Через полчаса прибежал фельдшер. Геннадий сидел в это время у себя в кабинете и проклинал собственный язык. Настроение мерзопакостное. Думы, одна тяжелее другой, наползали и давили аморфными безыдейными тушами, мешали сосредоточиться на текущих делах, которых скопилось, пока воевал с начальством, гора.

– Товарищ капитан, отбой. Губа отменяется. Ох, и крику было! Ну, теперь готовьтесь. Баранов просто так не отцепится. Ему командир, я за дверью подслушал, таких из-за Вас лещей выписывал. Багровым из кабинета выскочил. Мне чуть по морде не съездил мимоходом. Рявкнул так, что перепонки зачесались. Пошёл отсюда, говорит, к своему защитничку. Я до вас, кричит, доберусь ещё.

– Вот же собака!

– Так точно, товарищ капитан.

– Ты это… не слышал ничего.

– О чём это Вы?

– Во-во, правильно. Ни о чём.

Промолчи сегодня, фельдшера бы упекли. Кто работать будет? А кто виноватым окажется? В принципе, небольшая, но победа. Только что-то от такой победы страх берёт. Не расслабиться бы. Он теперь досье собирать начнёт. Провокации пойдут. Как сегодня. Только нынче плохо подготовился. Теперь по-другому станет действовать. По науке. По их подлой, застойной науке. Что-что, а как сгноить человека, у них отработано десятилетиями. Может, мне тоже надо по науке поступать?

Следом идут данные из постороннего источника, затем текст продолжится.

(* Let $\lambda$ and $g$ be as in the context, let $q(-1)=-1$ and let $q(0)$ be the fixed point of $g$ with negative multiplier. Then \[ |g'(x)|\ge |g'(q(0))|>1 \] for all $x\in[q(-1),\hat{q}(0)]\cup[q(0),\hat{q}(-1)]$.
   Context: There is a unique constant $\lambda=2.5029\ldots$ and a unique infinitely (period-doubling) renormalizable analytic unimodal map $g:[-1,1]\to[-1,1]$ solving the Cvitanović–Feigenbaum–Coullet–Tresser functional equation $g(x)=-\lambda\, g^{2}(-x/\lambda)$ for $-1\le x\le1$ (here $g^2=g\circ g$). Here unimodal means: $-1$ is the unique fixed point with positive multiplier, $g(1)=-1$, and $g$ has a unique maximum at an interior nondegenerate critical point $c^{(0)}$. Moreover $g$ is analytic on a complex neighborhood of $[-1,1]$, even, concave on $[-c^{(1)},c^{(1)}]$ where $c^{(1)}=g(c^{(0)})$ is the critical value, satisfies $g(c^{(1)})=-c^{(1)}/\lambda$ and $g'(c^{(1)})=-\lambda$, and has negative Schwarzian derivative. For $x\ne c^{(0)}$ the reflection $\hat{x}$ is the point with $g(\hat x)=g(x)$, $\hat x\ne x$; and $\hat{c}^{(0)}=c^{(0)}$. *)

From Stdlib Require Import Reals Lra.
From Coquelicot Require Import Coquelicot.
Open Scope R_scope.

Definition analytic_at (g : R -> R) (x : R) : Prop :=
  exists (a : nat -> R) (r : R), 0 < r /\
    forall y, Rabs (y - x) < r -> is_pseries a (y - x) (g y).

(* g is analytic on an open neighbourhood of [-1,1] (equivalent to g|[-1,1]
   extending holomorphically to a complex neighbourhood of [-1,1]). *)
Definition analytic_near_interval (g : R -> R) : Prop :=
  exists eps, 0 < eps /\ forall x, Rabs x < 1 + eps -> analytic_at g x.

Definition in_I (x : R) : Prop := -1 <= x <= 1.

Definition unimodal (g : R -> R) (c0 : R) : Prop :=
  (forall x, in_I x -> in_I (g x)) /\
  g (-1) = -1 /\ 0 < Derive g (-1) /\
  (forall x, in_I x -> g x = x -> 0 < Derive g x -> x = -1) /\
  g 1 = -1 /\
  -1 < c0 < 1 /\
  Derive g c0 = 0 /\ Derive_n g 2 c0 <> 0 /\
  (forall x, in_I x -> x <> c0 -> g x < g c0) /\
  (forall x y, -1 <= x -> x < y -> y <= c0 -> g x < g y) /\
  (forall x y, c0 <= x -> x < y -> y <= 1 -> g y < g x).

Definition concave_on (g : R -> R) (a b : R) : Prop :=
  forall x y t, a <= x <= b -> a <= y <= b -> 0 <= t <= 1 ->
    t * g x + (1 - t) * g y <= g (t * x + (1 - t) * y).

Definition schwarzian (g : R -> R) (x : R) : R :=
  Derive_n g 3 x / Derive g x - 3 / 2 * (Derive_n g 2 x / Derive g x) ^ 2.

Definition cfct_fixed_point (lam : R) (g : R -> R) (c0 : R) : Prop :=
  2.5029 <= lam < 2.5030 /\
  analytic_near_interval g /\
  (forall x, in_I x -> g x = - lam * g (g (- x / lam))) /\
  unimodal g c0 /\
  (forall x, in_I x -> g (- x) = g x) /\
  concave_on g (- g c0) (g c0) /\
  g (g c0) = - g c0 / lam /\
  Derive g (g c0) = - lam /\
  (forall x, in_I x -> x <> c0 -> schwarzian g x < 0).

(* y is the reflection \hat x of x w.r.t. the critical point c0:
   \hat c0 = c0, and for x <> c0, \hat x is the point of [-1,1] with
   g(\hat x) = g(x) and \hat x <> x. *)
Definition is_reflection (g : R -> R) (c0 x y : R) : Prop :=
  in_I y /\ g y = g x /\ (x = c0 -> y = c0) /\ (x <> c0 -> y <> x).

From Stdlib Require Import Reals Lra.
From Coquelicot Require Import Coquelicot.
Open Scope R_scope.

(* Evenness puts the critical point at 0, and negative Schwarzian derivative
   gives a minimum principle both for [|g'|] on [[q(0), 1]] and for [(g o g)']
   on intervals in [(0, 1]] that [g] maps into [(0, 1]].  The latter yields
   [g'(q(0))^2 = (g o g)'(q(0)) > 1]; the functional equation then forces
   [q(0) = 1/lam] and [g'(-1) = g'(q(0))^2 = |g'(1)|], so the minimum principle
   for [|g'|] and the symmetry [|g'(-x)| = |g'(x)|] give the bound. *)

Lemma is_pseries_terms_bounded (a : nat -> R) (x l : R) :
  is_pseries a x l -> exists M, forall n, Rabs (a n * x ^ n) <= M.
Proof.
  intros H.
  assert (Hlim : is_lim_seq (fun k => scal (pow_n x k) (a k)) 0).
  { apply ex_series_lim_0. exists l. exact H. }
  destruct (filterlim_bounded (fun k => scal (pow_n x k) (a k))) as [M HM].
  { exists 0. exact Hlim. }
  exists M. intros n. specialize (HM n).
  rewrite pow_n_pow in HM. rewrite Rmult_comm. exact HM.
Qed.

Lemma locally_of_ball (x e : R) (P : R -> Prop) :
  0 < e -> (forall t, Rabs (t - x) < e -> P t) -> locally x P.
Proof.
  intros He H. exists (mkposreal e He). exact H.
Qed.

Lemma is_pseries_ball_CV_radius (a : nat -> R) (F : R -> R) (x r : R) :
  0 < r -> (forall y, Rabs (y - x) < r -> is_pseries a (y - x) (F y)) ->
  forall z, Rabs z < r -> Rbar_lt (Rabs z) (CV_radius a).
Proof.
  intros Hr H z Hz.
  set (rho := (Rabs z + r) / 2).
  assert (Hrho : is_pseries a rho (F (x + rho))).
  { replace rho with ((x + rho) - x) at 1 by ring. apply H.
    replace (x + rho - x) with rho by ring. unfold rho.
    pose proof (Rabs_pos z). rewrite Rabs_pos_eq; lra. }
  destruct (is_pseries_terms_bounded _ _ _ Hrho) as [M HM].
  apply Rbar_lt_le_trans with (Finite rho).
  - simpl. unfold rho. lra.
  - apply (proj1 (CV_radius_bounded a)). exists M. exact HM.
Qed.

Lemma analytic_at_ex_derive_n (g : R -> R) (x : R) :
  analytic_at g x -> forall k, ex_derive (Derive_n g k) x.
Proof.
  intros [a [r [Hr H]]] k.
  assert (Hrad := is_pseries_ball_CV_radius a g x r Hr H).
  assert (Heq : forall y, Rabs (y - x) < r ->
            Derive_n g k y = PSeries (PS_derive_n k a) (y - x)).
  { intros y Hy.
    rewrite (Derive_n_ext_loc g (fun t => PSeries a (t + - x))).
    - rewrite Derive_n_comp_trans. apply Derive_n_PSeries, Hrad, Hy.
    - apply locally_of_ball with (r - Rabs (y - x)); [lra |].
      intros t Ht. symmetry. apply is_pseries_unique, H.
      replace (t - x) with ((t - y) + (y - x)) by ring.
      eapply Rle_lt_trans; [apply Rabs_triang | lra]. }
  apply ex_derive_ext_loc with (fun t => PSeries (PS_derive_n k a) (t - x)).
  - apply locally_of_ball with r; [exact Hr |].
    intros t Ht. symmetry. apply Heq, Ht.
  - apply (ex_derive_comp (PSeries (PS_derive_n k a)) (fun t => t - x)).
    + apply ex_derive_PSeries. rewrite CV_radius_derive_n. apply Hrad.
      replace (x - x) with 0 by ring. rewrite Rabs_R0. exact Hr.
    + auto_derive. exact I.
Qed.

Lemma analytic_near_interval_ex_derive_n (g : R -> R) :
  analytic_near_interval g ->
  forall k x, -1 <= x <= 1 -> ex_derive (Derive_n g k) x.
Proof.
  intros [eps [Heps Han]] k x Hx.
  apply analytic_at_ex_derive_n, Han.
  assert (Rabs x <= 1) by (apply Rabs_le; lra). lra.
Qed.

Lemma is_derive_lt0_locally_decr (f : R -> R) (x l : R) :
  is_derive f x l -> l < 0 ->
  exists d, 0 < d /\ (forall z, x < z < x + d -> f z < f x) /\
                     (forall z, x - d < z < x -> f x < f z).
Proof.
  intros Hd Hl. apply is_derive_Reals in Hd.
  destruct (Hd (- l / 2)) as [d Hdel]; [lra |].
  exists d. split; [apply cond_pos |].
  assert (Hquot : forall z, z <> x -> Rabs (z - x) < d ->
            (f z - f x) / (z - x) < l / 2).
  { intros z Hzx Hz.
    specialize (Hdel (z - x) ltac:(lra) Hz). replace (x + (z - x)) with z in Hdel by ring.
    apply Rabs_def2 in Hdel. lra. }
  split; intros z Hz.
  - specialize (Hquot z ltac:(lra) ltac:(rewrite Rabs_pos_eq; lra)).
    replace (f z) with (f x + (f z - f x) / (z - x) * (z - x)) by (field; lra).
    nra.
  - specialize (Hquot z ltac:(lra) ltac:(rewrite Rabs_left; lra)).
    replace (f z) with (f x + (f z - f x) / (z - x) * (z - x)) by (field; lra).
    nra.
Qed.

Lemma is_derive_ge0_incr_right (f : R -> R) (x l d : R) :
  0 < d -> is_derive f x l -> (forall z, x < z < x + d -> f x < f z) -> 0 <= l.
Proof.
  intros Hd Hf Hincr. apply Rnot_lt_le. intros Hl.
  destruct (is_derive_lt0_locally_decr f x l Hf Hl) as [d' [Hd' [Hdecr _]]].
  set (z := x + Rmin d d' / 2).
  assert (Hm : 0 < Rmin d d') by (apply Rmin_glb_lt; lra).
  assert (Rmin d d' <= d) by apply Rmin_l.
  assert (Rmin d d' <= d') by apply Rmin_r.
  specialize (Hincr z ltac:(unfold z; lra)). specialize (Hdecr z ltac:(unfold z; lra)).
  lra.
Qed.

Lemma is_derive_le0_decr_left (f : R -> R) (x l d : R) :
  0 < d -> is_derive f x l -> (forall z, x - d < z < x -> f x < f z) -> l <= 0.
Proof.
  intros Hd Hf Hdecr.
  assert (Hf' : is_derive (fun t => f (- t)) (- x) (- l)).
  { replace (- l) with (scal (-1) l) by (unfold scal; simpl; unfold mult; simpl; ring).
    apply (is_derive_comp f Ropp); [now rewrite Ropp_involutive |].
    apply (is_derive_ext (fun t => - t)); [reflexivity |]. auto_derive; [exact I | ring]. }
  enough (0 <= - l) by lra.
  apply (is_derive_ge0_incr_right _ _ _ d Hd Hf').
  intros z Hz. rewrite Ropp_involutive. apply Hdecr. lra.
Qed.

Section MinimumPrinciple.

Variables (h h1 h2 : R -> R) (a b : R).
Hypothesis h_cont : forall x, a <= x <= b -> continuity_pt h x.
Hypothesis h_deriv : forall x, a < x < b -> is_derive h x (h1 x).
Hypothesis h1_deriv : forall x, a < x < b -> is_derive h1 x (h2 x).
Hypothesis h_crit : forall x, a < x < b -> h1 x = 0 -> h2 x < 0.

Lemma no_interior_min (y : R) :
  a < y < b -> ~ (forall z, a <= z <= b -> h y <= h z).
Proof.
  intros Hy Hmin.
  assert (Hcrit : h1 y = 0).
  { assert (pr : derivable_pt h y) by (exists (h1 y); apply is_derive_Reals, h_deriv, Hy).
    rewrite <- (derive_pt_eq_0 h y (h1 y) pr) by apply is_derive_Reals, h_deriv, Hy.
    apply (deriv_minimum h a b y pr); try lra.
    intros z Hz1 Hz2. apply Hmin. lra. }
  destruct (is_derive_lt0_locally_decr h1 y (h2 y) (h1_deriv y Hy) (h_crit y Hy Hcrit))
    as [d [Hd [Hdecr _]]].
  set (z := Rmin (y + d / 2) ((y + b) / 2)).
  assert (Hz : y < z < y + d /\ z < b) by (unfold z, Rmin; destruct Rle_dec; lra).
  destruct (MVT_cor2 h h1 y z) as [c [Hc1 Hc2]]; [lra | |].
  { intros c Hc. apply is_derive_Reals, h_deriv. lra. }
  assert (h1 c < h1 y) by (apply Hdecr; lra).
  assert (h y <= h z) by (apply Hmin; lra).
  nra.
Qed.

Lemma minimum_principle (x : R) :
  a < b -> a < x < b -> Rmin (h a) (h b) < h x.
Proof.
  intros Hab Hx. apply Rnot_le_lt. intros Hle.
  destruct (continuity_ab_min h a b (Rlt_le _ _ Hab) h_cont) as [m [Hmin Hm]].
  assert (Hxm : h x <= h m).
  { destruct (Req_dec m a) as [->|Ha]; [eapply Rle_trans; [exact Hle | apply Rmin_l] |].
    destruct (Req_dec m b) as [->|Hb]; [eapply Rle_trans; [exact Hle | apply Rmin_r] |].
    exfalso. apply (no_interior_min m); [lra | exact Hmin]. }
  apply (no_interior_min x Hx). intros z Hz. specialize (Hmin z Hz). lra.
Qed.

End MinimumPrinciple.

Lemma continuous_eq_of_filter (F : (R -> Prop) -> Prop) {FF : ProperFilter F}
  (f1 f2 : R -> R) (x : R) :
  filter_le F (locally x) -> continuous f1 x -> continuous f2 x ->
  F (fun y => f1 y = f2 y) -> f1 x = f2 x.
Proof.
  intros HF H1 H2 Heq.
  apply (filterlim_locally_unique (F := F) f1).
  - exact (filterlim_filter_le_1 _ HF H1).
  - apply filterlim_ext_loc with f2.
    + apply filter_imp with (2 := Heq). intros y E. now symmetry.
    + exact (filterlim_filter_le_1 _ HF H2).
Qed.

Lemma continuous_eq_right (f1 f2 : R -> R) (x d : R) :
  0 < d -> continuous f1 x -> continuous f2 x ->
  (forall y, x < y < x + d -> f1 y = f2 y) -> f1 x = f2 x.
Proof.
  intros Hd H1 H2 Heq. apply (continuous_eq_of_filter (at_right x)); auto.
  - apply filter_le_within.
  - exists (mkposreal d Hd). intros y Hy Hxy. apply Heq.
    change (Rabs (y - x) < d) in Hy. apply Rabs_def2 in Hy. lra.
Qed.

Lemma continuous_eq_left (f1 f2 : R -> R) (x d : R) :
  0 < d -> continuous f1 x -> continuous f2 x ->
  (forall y, x - d < y < x -> f1 y = f2 y) -> f1 x = f2 x.
Proof.
  intros Hd H1 H2 Heq. apply (continuous_eq_of_filter (at_left x)); auto.
  - apply filter_le_within.
  - exists (mkposreal d Hd). intros y Hy Hxy. apply Heq.
    change (Rabs (y - x) < d) in Hy. apply Rabs_def2 in Hy. lra.
Qed.

Lemma is_derive_Derive_comp_self (g : R -> R) (t : R) :
  ex_derive g t -> ex_derive (Derive g) t -> ex_derive (Derive g) (g t) ->
  is_derive (fun t => Derive g (g t) * Derive g t) t
    (Derive_n g 2 (g t) * Derive g t ^ 2 + Derive g (g t) * Derive_n g 2 t).
Proof.
  intros.
  auto_derive; simpl; repeat change (fun x : R => ?f x) with f; [tauto | ring].
Qed.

– Короче, тебе тайное задание. С бойцами переговори. На подсобке, на складах. То да сё. Факты – мне. И так, чтобы доказать в случае чего. И никому ни словечка. Иначе с тобой нас…

– Геннадий Петрович, – фельдшер перешёл на шёпот, а потом подошёл к двери, прислушался, приоткрыл и, убедившись, что нет посторонних ушей, доложил: – Имеются свои люди. Везде имеются. Вы ко мне по-человечески, и я к Вам также. Всё сделаю. Да и солдаты в части уважают. Не то, что этого, Баранова. Козёл он.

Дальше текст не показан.